== Segment start ==

Lemma proj1U_open_interval U : open U -> connected2 U -> is_open_interval (proj1U U).
Proof.
  intros HU HC. split; [intros; apply locally_proj1U; auto|].
  intros a b c [ya Ha] [yb Hb] Hc.
  apply NNPP. intro H.
  assert (Hac : a <> c) by (intro E; subst; apply H; exists ya; auto).
  assert (Hbc : b <> c) by (intro E; subst; apply H; exists yb; auto).
  (* otherwise the half-planes x^1 < c and x^1 > c would disconnect U *)
  destruct (HC (fun q => fst q < c) (fun q => c < fst q)) as [HA|HB].
  - intros [qx qy] Hq. simpl in Hq. assert (Hp : 0 < c - qx) by lra.
    exists (mkposreal _ Hp). intros [zx zy] [Hz _].
    assert (Hz' : Rabs (zx - qx) < c - qx) by exact Hz.
    apply Rabs_def2 in Hz'. simpl. lra.
  - intros [qx qy] Hq. simpl in Hq. assert (Hp : 0 < qx - c) by lra.
    exists (mkposreal _ Hp). intros [zx zy] [Hz _].
    assert (Hz' : Rabs (zx - qx) < qx - c) by exact Hz.
    apply Rabs_def2 in Hz'. simpl. lra.
  - intros [x y] Hq. simpl. destruct (Rtotal_order x c) as [E|[E|E]]; auto.
    subst. exfalso. apply H. exists y; auto.
  - intros [qx qy] _ H1 H2. simpl in *. lra.
  - specialize (HA _ Hb). simpl in HA. lra.
  - specialize (HB _ Ha). simpl in HB. lra.
Qed.

Lemma is_open_interval_between I a b x : is_open_interval I -> I a -> I b ->
  Rmin a b <= x <= Rmax a b -> I x.
Proof.
  intros [_ HI] Ha Hb Hx. destruct (Rle_dec a b).
  - rewrite Rmin_left, Rmax_right in Hx by lra. apply (HI a b); auto.
  - rewrite Rmin_right, Rmax_left in Hx by lra. apply (HI b a); auto.
Qed.

Lemma derive_zero_const I h : is_open_interval I -> (forall x, I x -> is_derive h x 0) ->
  forall a b, I a -> I b -> h a = h b.
Proof.
  intros HI Hd a b Ha Hb.
  destruct (MVT_gen h a b (fun _ => 0)) as [c [_ Hc]].
  - intros x Hx. apply Hd. apply (is_open_interval_between I a b); auto. lra.
  - intros x Hx. apply continuity_pt_filterlim.
    apply (ex_derive_continuous (K := R_AbsRing) (V := R_NormedModule)).
    exists 0. apply Hd. apply (is_open_interval_between I a b); auto.
  - lra.
Qed.

Lemma linear_ode_zero I g w x0 : is_open_interval I -> (forall x, I x -> continuous g x) ->
  (forall x, I x -> is_derive w x (- g x * w x)) -> I x0 -> w x0 = 0 ->
  forall x, I x -> w x = 0.
Proof.
  intros HI Hg Hw Hx0 Hw0.
  set (G := fun x => RInt g x0 x).
  assert (HG : forall x, I x -> is_derive G x (g x)).
  { intros x Hx. apply (is_derive_RInt (V := R_NormedModule) g G x0 x); [| apply Hg; auto].
    generalize (proj1 HI x Hx). apply filter_imp. intros b Hb.
    apply (RInt_correct (V := R_CompleteNormedModule)).
    apply (ex_RInt_continuous (V := R_CompleteNormedModule)).
    intros z Hz. apply Hg. apply (is_open_interval_between I x0 b); auto. }
  (* integrating factor: [w e^G] has zero derivative *)
  set (h := fun x => w x * exp (G x)).
  assert (Hh : forall x, I x -> is_derive h x 0).
  { intros x Hx.
    assert (D := is_derive_mult (K := R_AbsRing) w (fun x => exp (G x)) x _ _ (Hw x Hx)
                   (is_derive_comp exp G x _ _ (is_derive_exp _) (HG x Hx))
                   ltac:(intros; apply Rmult_comm)).
    replace 0 with (plus (mult (- g x * w x) (exp (G x))) (mult (w x) (scal (g x) (exp (G x))))).
    - exact D.
    - unfold plus, mult, scal; simpl. unfold mult; simpl. ring. }
  intros x Hx.
  assert (E := derive_zero_const I h HI Hh x x0 Hx Hx0). unfold h in E. rewrite Hw0 in E.
  assert (Hp : exp (G x) > 0) by apply exp_pos. nra.
Qed.

Lemma Cderive_nonvanishing I g v x0 : is_open_interval I ->
  (forall x, I x -> continuous g x) -> smooth1C I v ->
  (forall x, I x -> Cplus (Cmult (RtoC (g x)) (Cderive v x)) (Cderive (Cderive v) x) = RtoC 0) ->
  I x0 -> Cderive v x0 <> RtoC 0 -> forall x, I x -> Cderive v x <> RtoC 0.
Proof.
  intros HI Hg [S1 S2] Hode Hx0 Hnz x Hx E. apply Hnz.
  unfold Cderive, RtoC in E |- *. injection E as E1 E2.
  f_equal; apply (linear_ode_zero I g _ x HI Hg); auto; intros t Ht;
    [ replace (- g t * Derive (fun s => fst (v s)) t) with (Derive_n (fun s => fst (v s)) 2 t);
      [apply Derive_correct, (S1 1%nat t Ht)|]
    | replace (- g t * Derive (fun s => snd (v s)) t) with (Derive_n (fun s => snd (v s)) 2 t);
      [apply Derive_correct, (S2 1%nat t Ht)|] ];
    assert (O := Hode t Ht); unfold Cderive, Cplus, Cmult, RtoC in O; simpl in O;
    injection O as O1 O2; simpl; lra.
Qed.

== Segment end ==

What the task requires |
From the records above, return each line that has the string "Cplus".

Response for this exercise |
  (forall x, I x -> Cplus (Cmult (RtoC (g x)) (Cderive v x)) (Cderive (Cderive v) x) = RtoC 0) ->
    assert (O := Hode t Ht); unfold Cderive, Cplus, Cmult, RtoC in O; simpl in O;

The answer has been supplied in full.